The TSX Composite Index has slumped over 10%, heading into a bear market. The dip has created an opportunity for value investors to go stock shopping this holiday season. Some growth and dividend stocks are falling because the entire market is in sell mode, while their fundamentals remain unaffected. Such stocks are worth buying during the dip. Now is the time to buy two stocks that have touched a 52-week low.
Constellation Software stock
Constellation Software (TSX:CSU) has slipped 20%, or by $490, from its high and is trading closer to its 52-week low. What caused the 20% fall? Hedge funds ignited the tech stock meltdown on December 31 due to early warnings that the Federal Reserve would pull back stimulus money and increase interest rates. All tech stocks temporarily enjoyed inflated prices as individuals invested their stimulus money. With the stimulus pullback, inflated prices got a reality check and was corrected.
Constellation stock got caught in the sell-off and fell 20%. It entered the oversold category on October 14. The company’s management used this sell-off in the tech space as an opportunity to buy some attractive, small vertical-specific software companies. It invested a record US$1.2 billion in acquisitions in the first half of 2022. And Constellation didn’t stop there; it has many more deals in the third quarter.
As an umbrella company for software services, these deals will accrue on Constellation’s earnings per share (EPS) and cash flow. A pre-requisite for its deals is that companies have regular recurring cash flows. These cash flows might slow down as enterprises cut back on spending, but they could accelerate in the future. By the time the bear stint recedes, and recovery begins, Constellation will have acquired a sizeable number of companies with recurring cash flow.
Constellation stock has lost almost 16 months of upside and is back to June 2021 levels. Now is the time to buy the stock. A single stock can earn you over $500 in a year when the effects of a recession recede, and cash flows from those acquired companies reflect in the stock price.
Investing in real estate stocks
Real estate is another sector that has been hitting new lows. Rising interest rates have made mortgages expensive, and inflation has increased the rental spread, making up for the two-year rent stagnation during the pandemic. Current conditions are challenging, but CT REIT (TSX:CRT.UN) has the backing of Canadian Tire.
CT REIT
Canadian Tire spun off its stores into a REIT and named it CT REIT. Hence, CT REIT’s biggest tenant is Canadian Tire, and the retailer serves as an anchor to pull other retailers near its stores. The REIT enjoys a 99.4% occupancy ratio and weighted average lease term of 8.6 years. These two metrics ensure cash inflows through rent.
This REIT is more inclined towards rent and less invested in developing and reselling properties. Hence, any reduction in the value of its property portfolio won’t impact its distributions. Moreover, the REIT maintains a safe distribution payout ratio of 75% despite increasing the distribution at an average annual rate of 3.2% since 2014.

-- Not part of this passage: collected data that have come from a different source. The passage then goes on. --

(* Let $I$ be a compact interval, $n\in\mathbb{N}$ and $A_0,A_1,\dots,A_n$ non-empty compact intervals of $\mathbb{R}$. Let $p:I\to\mathcal{K}(\mathbb{R})$ be the polynomial $p(x)=A_0\oplus A_1x\oplus A_2x^2\oplus\cdots\oplus A_nx^n$. Then $\dim_H\mathcal{G}_*(p)=1$.
   Context: $\mathcal{K}(\mathbb{R})$: non-empty compact subsets of $\mathbb{R}$ with Hausdorff distance $\mathfrak{H}$. For compact $A,B$: $\Lambda_A(b)=\{a\in A:|b-a|=\min_{a'\in A}|b-a'|\}$, $\Lambda(A,B)=\{(a,b)\in A\times B:a\in\Lambda_A(b)\text{ or }b\in\Lambda_B(a)\}$; metric chains $\mathrm{Ch}(A_0,\dots,A_n)=\{(a_0,\dots,a_n):(a_j,a_{j+1})\in\Lambda(A_j,A_{j+1})\ \forall j\}$; and $A_0\oplus A_1x\oplus\cdots\oplus A_nx^n=\{\sum_{j=0}^n x^ja_j:(a_0,\dots,a_n)\in\mathrm{Ch}(A_0,\dots,A_n)\}$ (metric linear combination with coefficients $x^j$). $\mathcal{G}_*(p)=\{(x,p(x)):x\in I\}$ with metric $d((x,Y),(y,Z))=|x-y|+\mathfrak{H}(Y,Z)$; $\dim_H$ is Hausdorff dimension. *)

From HB Require Import structures.
From mathcomp Require Import all_boot all_order all_algebra.
From mathcomp Require Import all_classical all_reals all_analysis.
Set Implicit Arguments. Unset Strict Implicit. Unset Printing Implicit Defensive.
Import Order.TTheory GRing.Theory Num.Theory.
Import numFieldNormedType.Exports.
Local Open Scope classical_set_scope.
Local Open Scope ring_scope.

Section Defs.
Variable R : realType.

Definition metric_proj (A : set R) (b : R) : set R :=
  [set a | A a /\ forall a', A a' -> `|b - a| <= `|b - a'|].

Definition metric_pairs (A B : set R) : set (R * R) :=
  [set ab | A ab.1 /\ B ab.2 /\ (metric_proj A ab.2 ab.1 \/ metric_proj B ab.1 ab.2)].

(** Metric chains Ch(A_0,...,A_n), a chain represented by a : nat -> R
    (only the entries a 0, ..., a n matter). *)
Definition metric_chain (n : nat) (A : nat -> set R) (a : nat -> R) : Prop :=
  (forall j, (j <= n)%N -> A j (a j)) /\
  (forall j, (j < n)%N -> metric_pairs (A j) (A j.+1) (a j, a j.+1)).

Definition metric_poly (n : nat) (A : nat -> set R) (x : R) : set R :=
  [set \sum_(j < n.+1) x ^+ j * a j | a in metric_chain n A].

Definition dist_to (B : set R) (a : R) : R := inf [set `|a - b| | b in B].
Definition hausdorff_dist (A B : set R) : R :=
  Num.max (sup [set dist_to B a | a in A]) (sup [set dist_to A b | b in B]).

Definition graph_dist (u v : R * set R) : R :=
  `|u.1 - v.1| + hausdorff_dist u.2 v.2.

Definition setgraph (I : set R) (p : R -> set R) : set (R * set R) :=
  [set (x, p x) | x in I].

Section Hausdorff.
Variables (T : Type) (d : T -> T -> R).

Local Open Scope ereal_scope.

Definition diam (U : set T) : \bar R :=
  ereal_sup [set (d u v)%:E | u in U & v in U].

(** diam(U)^s, with diam(empty)^s = 0 (only used for sets of finite diameter). *)
Definition diam_pow (s : R) (U : set T) : \bar R :=
  if pselect (U !=set0) then (powR (fine (diam U)) s)%:E else 0.

Definition hausdorff_content (s delta : R) (E : set T) : \bar R :=
  ereal_inf [set \sum_(i <oo) diam_pow s (F i) | F in
    [set F : nat -> set T | E `<=` \bigcup_i F i /\
                            forall i, diam (F i) <= delta%:E]].

Definition hausdorff_measure (s : R) (E : set T) : \bar R :=
  ereal_sup [set hausdorff_content s delta E | delta in [set delta : R | (0 < delta)%R]].

Definition hausdorff_dim (E : set T) : \bar R :=
  ereal_inf [set s%:E | s in [set s : R | (0 <= s)%R /\ hausdorff_measure s E = 0]].
End Hausdorff.

End Defs.

From HB Require Import structures.
From mathcomp Require Import all_boot all_order all_algebra.
From mathcomp Require Import all_classical all_reals all_analysis.
From mathcomp Require Import ring lra.
Set Implicit Arguments. Unset Strict Implicit. Unset Printing Implicit Defensive.
Import Order.TTheory GRing.Theory Num.Theory.
Local Open Scope classical_set_scope.
Local Open Scope ring_scope.

(* The map x |-> p(x) is Lipschitz for the Hausdorff distance: two points of
   p(x) and p(y) built from the same metric chain differ by at most L |x - y|,
   where L only depends on bounds for I and the A_j.  So the graph is a
   Lipschitz image of I, and covering I by N intervals of length |I|/N shows
   that H^s vanishes for s > 1.  Conversely, the first projection is
   1-Lipschitz and maps the graph onto I, so comparing a cover of the graph
   with the Lebesgue measure of its projection gives H^s >= |I|/2 for s <= 1. *)


Section HausdorffDistance.
Variable R : realType.
Implicit Types (A B : set R) (r z w : R).

Lemma dist_to_ge0 B z : 0 <= dist_to B z.
Proof.
have [[w Bw]|/nonemptyPn->] := pselect (B !=set0); last first.
  by rewrite /dist_to image_set0 inf0.
by apply: lb_le_inf => [|_ [v _ <-]]; first by exists `|z - w|, w.
Qed.

Lemma dist_to_le B z w : B w -> dist_to B z <= `|z - w|.
Proof. by move=> Bw; apply: ge_inf; [exists 0 => _ [v _ <-] | exists w]. Qed.

Lemma hausdorff_dist_ge0 A B : 0 <= hausdorff_dist A B.
Proof.
rewrite le_max; apply/orP; left.
set S := [set _ | _ in _].
have [[[_ [z Az _]] ubS]|/sup_out->//] := pselect (has_sup S).
by apply: le_trans (dist_to_ge0 B z) (sup_ubound ubS _); exists z.
Qed.

Lemma hausdorff_dist_le A B r : 0 <= r ->
  (forall z, A z -> exists2 w, B w & `|z - w| <= r) ->
  (forall w, B w -> exists2 z, A z & `|z - w| <= r) ->
  hausdorff_dist A B <= r.
Proof.
have sup_le (X Y : set R) : (forall z, X z -> exists2 w, Y w & `|z - w| <= r) ->
    0 <= r -> sup [set dist_to Y z | z in X] <= r.
  move=> XY r0; have [[z Xz]|/nonemptyPn->] := pselect (X !=set0); last first.
    by rewrite image_set0 sup0.
  apply: ge_sup => [|_ [v Xv <-]]; first by exists (dist_to Y z), z.
  by have [w Yw vw] := XY v Xv; exact: le_trans (dist_to_le v Yw) vw.
move=> r0 AB BA; rewrite ge_max !sup_le// => w /BA[z Az zw].
by exists z; rewrite // distrC.
Qed.

End HausdorffDistance.

Lemma graph_dist_ge_fst (R : realType) (p q : R * set R) :
  `|p.1 - q.1| <= graph_dist p q.
Proof. by rewrite lerDl hausdorff_dist_ge0. Qed.

Lemma graph_dist_ge0 (R : realType) (p q : R * set R) : 0 <= graph_dist p q.
Proof. exact: le_trans (normr_ge0 _) (graph_dist_ge_fst p q). Qed.

Section PowerSums.
Variable R : realType.

Lemma normr_itv_le (l u x : R) : l <= x <= u -> `|x| <= `|l| + `|u|.
Proof.
move=> /andP[lx xu]; rewrite ler_norml.
have := ler_norm u; have := ler_norm (- l); have := normr_ge0 l; have := normr_ge0 u.
by rewrite normrN => *; apply/andP; split; lra.
Qed.

Lemma normr_subXX_le (B x y : R) (j : nat) : `|x| <= B -> `|y| <= B ->
  `|x ^+ j - y ^+ j| <= j%:R * B ^+ j.-1 * `|x - y|.
Proof.
move=> xB yB; have B0 : 0 <= B := le_trans (normr_ge0 x) xB.
rewrite subrXX normrM mulrC ler_wpM2r //.
apply: le_trans (ler_norm_sum _ _ _) _.
apply: le_trans (_ : _ <= \sum_(i < j) B ^+ j.-1) _; last first.
  by rewrite sumr_const card_ord mulr_natl.
apply: ler_sum => i _.
have ij : (i <= j.-1)%N by rewrite -ltnS prednK ?ltn_ord // (leq_trans _ (ltn_ord i)).
rewrite normrM !normrX -[in leRHS](subnK ij) exprD.
by apply: ler_pM; rewrite ?exprn_ge0 // lerXn2r // nnegrE.
Qed.

Lemma normr_sum_powers_sub_le (m : nat) (c M : nat -> R) (B x y : R) :
  `|x| <= B -> `|y| <= B -> (forall j, (j < m)%N -> `|c j| <= M j) ->
  `|\sum_(j < m) x ^+ j * c j - \sum_(j < m) y ^+ j * c j|
    <= (\sum_(j < m) M j * j%:R * B ^+ j.-1) * `|x - y|.
Proof.
move=> xB yB cM; rewrite -sumrB mulr_suml.
apply: le_trans (ler_norm_sum _ _ _) _; apply: ler_sum => j _.
have -> : M j * j%:R * B ^+ j.-1 * `|x - y| = j%:R * B ^+ j.-1 * `|x - y| * M j.
  by ring.
by rewrite -mulrBl normrM; apply: ler_pM; rewrite ?normr_subXX_le ?cM.
Qed.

CT REIT survived the short pandemic-related recession without any distribution cuts. It can likely withstand a longer recession by stagnating distribution growth until the economy revives. But no signs of this so far. The REIT’s stock price has dipped more than 18% since the first interest rate hike in March. It hit its 52-week low on October 11 and hasn’t recovered much.
Now is a good time to buy the REIT and lock in an attractive 5.84% distribution yield. If the stock returns to its 200-day moving average of $16.8, that’s a 12% appreciation from the current trading price. If you invest $2,000 in this REIT, you can earn $235 in capital appreciation + $117 in distributions. That’s an investment income of $351, which could be exempt from capital gain tax if invested through the Tax-Free Savings Account (TFSA).
Investing the foolish way
These two stocks have a good chance of recovering when the market rebounds with an uptick in the economy. They could continue to fall throughout 2022, but all you need to do is hold patiently for the long-term. Such value stocks reward patience.